According to Cheeger's inequality, the bottleneck ratio/Cheeger ratio $\Phi_*$ of a graph and the spectral gap $\lambda$ of its adjacency matrix satisfies $$\Phi_*^2/2 \leq \lambda \leq 2\Phi_*. $$ Standard examples which shows that this inequality is sharp are the hypercube $\mathbb{Z}_2^n$ for the upper bound and a circle, $\mathbb{Z}_n$, for the lower bound, i.e. if $\lambda^{(n)} $ is the spectral gap of $\mathbb{Z}_2^n$ and $\Phi_*^{(n)}$ is the bttleneck ratio of $\mathbb{Z}_2^n$, then $\lambda^{(n)} \asymp \Phi_*^{(n)}$, and if we do the analogue definitions for $\mathbb{Z}_n$, then $\lambda^{(n)} \asymp (\Phi_*^{(n)})^2$.

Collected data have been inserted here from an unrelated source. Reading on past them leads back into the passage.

Lemma vsumsq_bound y : 0 <= vsumsq y <= vsum y ^+ 2.
Proof.
rewrite sumr_ge0 //= /vsumsq /vsum sqr_sum lerDl mulr_ge0 //.
by do 2!apply: sumr_ge0 => ? _; rewrite mulr_ge0.
Qed.

Lemma Vfun_sums (b : R) y : Vfun b y = (1 - b / 2) * vsumsq y + b / 2 * vsum y ^+ 2.
Proof. by rewrite /Vfun /vsumsq /vsum sqr_sum; field. Qed.

Lemma vsum_vaddE y l : vsum (vaddE y l) = vsum y + 1.
Proof.
rewrite /vsum (bigD1 l) // [in RHS](bigD1 l) //= vaddE_at -addn1 natrD addrAC.
congr (_ + _ + _).
by apply: eq_bigr => i il; rewrite vaddE_ne.
Qed.

Lemma vsumsq_vaddE y l : vsumsq (vaddE y l) = vsumsq y + 2 * (y l)%:R + 1.
Proof.
rewrite /vsumsq (bigD1 l) // [in RHS](bigD1 l) //= vaddE_at -addn1 natrD.
rewrite (eq_bigr (fun i => (y i)%:R ^+ 2)) => [|i il]; last by rewrite vaddE_ne.
ring.
Qed.

Lemma vsum_vsub1 y : inS y -> vsum (vsub1 y) = vsum y - (n.-1)%:R.
Proof.
move/forallP => yS; rewrite /vsum (eq_bigr (fun i => (y i)%:R - 1)).
  by rewrite sumrB sumr_const card_ord.
by move=> i _; rewrite ffunE natrB.
Qed.

Lemma vsumsq_vsub1 y : inS y -> vsumsq (vsub1 y) = vsumsq y - 2 * vsum y + (n.-1)%:R.
Proof.
move/forallP => yS; rewrite /vsumsq /vsum (eq_bigr (fun i => (y i)%:R ^+ 2 - 2 * (y i)%:R + 1)).
  by rewrite big_split sumrB -mulr_sumr sumr_const card_ord.
by move=> i _; rewrite ffunE natrB //; ring.
Qed.

Lemma sum_Vfun_vaddE (b : R) y :
  \sum_l (Vfun b (vaddE y l) - Vfun b y) =
  (1 - b / 2) * (2 * vsum y + (n.-1)%:R) + b / 2 * (n.-1)%:R * (2 * vsum y + 1).
Proof.
rewrite (eq_bigr (fun l => (1 - b / 2) * 2 * (y l)%:R
                      + ((1 - b / 2) + b / 2 * (2 * vsum y + 1)))); last first.
  by move=> l _; rewrite !Vfun_sums vsumsq_vaddE vsum_vaddE; ring.
rewrite big_split /= -mulr_sumr sumr_const card_ord -/(vsum y) -mulr_natr; ring.
Qed.

End VectorSums.

Section Transitions.
Variables (R : realType) (n k : nat).
Implicit Types (x y : vec n) (F : vec n -> R).

Local Notation p x mv := (@pX R n k x (step x mv)).
Local Notation K := (k%:R : R).
Local Notation N := (n%:R : R).

Lemma pX_ge0 x y : (0 < n)%N -> (n <= k)%N -> 0 <= @pX R n k x y.
Proof.
move=> n_gt0 nk; have kn : N <= K by rewrite ler_nat.
have n1 : 1 <= N by rewrite (ler_nat R 1).
have j0 : 0 <= (nzeros x)%:R :> R by [].
rewrite /pX; do ![case: ifP => _ | case: pickP => [? _|_]];
  rewrite ?lexx // divr_ge0 ?mulr_ge0 //; lra.
Qed.

Lemma pX_vsub1_out y : outS y -> @pX R n k y (vsub1 y) = 0.
Proof.
case/andP => yS y0; rewrite /pX -inS_nzeros (negbTE yS) (negbTE y0).
by case: pickP => // l /eqP vsub1E; have := vsub1_neq_vaddE y l; rewrite vsub1E eqxx.
Qed.

Lemma sum_zeros_const (c : R) y : \sum_(l | y l == 0%N) c = c * (nzeros y)%:R.
Proof. by rewrite sumr_const /nzeros cardsE mulr_natr. Qed.

Lemma sum_nonzeros_const (c : R) y :
  \sum_(l | y l != 0%N) c = c * ((n.-1)%:R - (nzeros y)%:R).
Proof.
rewrite -natrB ?nzeros_le // mulr_natr sumr_const; congr (c *+ _).
apply/eqP; rewrite -(eqn_add2l (nzeros y)) subnKC ?nzeros_le //; apply/eqP.
rewrite -[RHS](card_ord n.-1) -(cardC [pred l | y l == 0%N]) /nzeros cardsE.
by congr (_ + _); apply: eq_card.
Qed.

Lemma sum_nonzeros_val y : \sum_(l | y l != 0%N) (y l)%:R = vsum R y.
Proof.
rewrite [vsum R y](bigID (fun l => y l == 0%N)) /= [X in _ = X + _]big1 ?add0r //.
by move=> l /eqP ->.
Qed.

Lemma sum_moves_out y F : outS y ->
  \sum_(mv : move n) p y mv * F (step y mv) =
  (K - (N - 1 - (nzeros y)%:R)) / (K * (nzeros y)%:R) * \sum_(l | y l == 0%N) F (vaddE y l)
  + K^-1 * \sum_(l | y l != 0%N) F (vaddE y l).
Proof.
move=> yP; have /andP[yS y0] := yP; have j0 : nzeros y != 0%N by rewrite -inS_nzeros.
rewrite sum_option /= pX_vsub1_out // mul0r add0r !mulr_sumr (bigID (fun l => y l == 0%N)) /=.
congr (_ + _); apply: eq_bigr => l yl; rewrite /pX (negbTE j0) (negbTE y0).
  case: pickP => [l' /eqP/vaddE_inj <-|/(_ l)]; last by rewrite eqxx.
  by rewrite yl.
case: pickP => [l' /eqP/vaddE_inj <-|/(_ l)]; last by rewrite eqxx.
by rewrite (negbTE yl) div1r.
Qed.

Lemma sum_moves_in y F : inS y ->
  \sum_(mv : move n) p y mv * F (step y mv) =
  (K - (N - 1)) / K * F (vsub1 y) + K^-1 * \sum_l F (vaddE y l).
Proof.
move=> yS; have j0 : nzeros y = 0%N by apply/eqP; rewrite -inS_nzeros.
rewrite sum_option /= mulr_sumr {1}/pX j0 !eqxx; congr (_ + _); apply: eq_bigr => l _.
rewrite /pX j0 eqxx eq_sym (negbTE (vsub1_neq_vaddE y l)).
by case: existsP => [_|[]]; [rewrite div1r | exists l].
Qed.

Lemma next_in_outS y : outS y -> @next_in R n k (@outS n) y.
Proof.
move=> yP [l|] /=; last by rewrite pX_vsub1_out ?eqxx.
move=> _ zS; rewrite /outS zS; apply/eqP => /(congr1 (fun z : vec n => z l)).
by rewrite vaddE_at ffunE.
Qed.

Lemma next_in_inS x : inS x -> vsub1 x != vzero n -> @next_in R n k (@outS n) x.
Proof.
move=> xS x0 [l|] _ /=; first by rewrite inS_vaddE.
by move=> x1S; rewrite /outS x1S.
Qed.

End Transitions.

Section DeltaV.
Variables (R : realType) (n k : nat).
Hypotheses (n_ge3 : (3 <= n)%N) (n_le_k : (n <= k)%N).
Implicit Types (x y : vec n).

Local Notation K := (k%:R : R).
Local Notation N := (n%:R : R).
Local Notation p x mv := (@pX R n k x (step x mv)).

Lemma K_gt0 : 0 < K.
Proof. by rewrite ltr0n (leq_trans _ n_le_k) // (leq_trans _ n_ge3). Qed.

Lemma shiftK_gt0 i : (0 < i)%N -> 0 < K - N + i%:R.
Proof.
have : N <= K by rewrite ler_nat.
by rewrite -(ltr_nat R) => ?; lra.
Qed.

Lemma natr_predn : (n.-1)%:R = N - 1 :> R.
Proof. by rewrite -subn1 natrB // (leq_trans _ n_ge3). Qed.

Lemma pX_nonneg x y : 0 <= @pX R n k x y.
Proof. by rewrite pX_ge0 // (leq_trans _ n_ge3). Qed.

Definition lyap y : R := 2 ^+ nzeros y * (vsum R y + 2 * K) ^+ 2.

Definition lyap_rate : R := (1 + (2 * K)^-1) ^+ 2 * (1 - K^-1).

Lemma lyap_ge0 y : 0 <= lyap y.
Proof. by rewrite mulr_ge0 ?sqr_ge0 // exprn_ge0. Qed.

Lemma lyap_rate_ge0 : 0 <= lyap_rate.
Proof.
have K1 : 1 <= K by rewrite (ler_nat R 1) (leq_trans _ n_le_k) // (leq_trans _ n_ge3).
have : K^-1 <= 1 by rewrite invf_le1 // (lt_le_trans ltr01).
by move=> Ki; apply: mulr_ge0; [exact: sqr_ge0 | lra].
Qed.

I would guess that if one considered other sequences of graph, then the asymptotic behaviour of $ \lambda^{(n)} $ vs. $\Phi_*^{(n)}$ should fall somewhere in between these to extreme examples, however, I do not know of any such example, which is in essence different from the two examples above, i.e. say picking $\mathbb{Z}_3^n$, or $just adding a vertex and a edge to each graph in such a sequence is cheating :)
So, are any such examples of sequences, in which the graphs are, say, regular, known?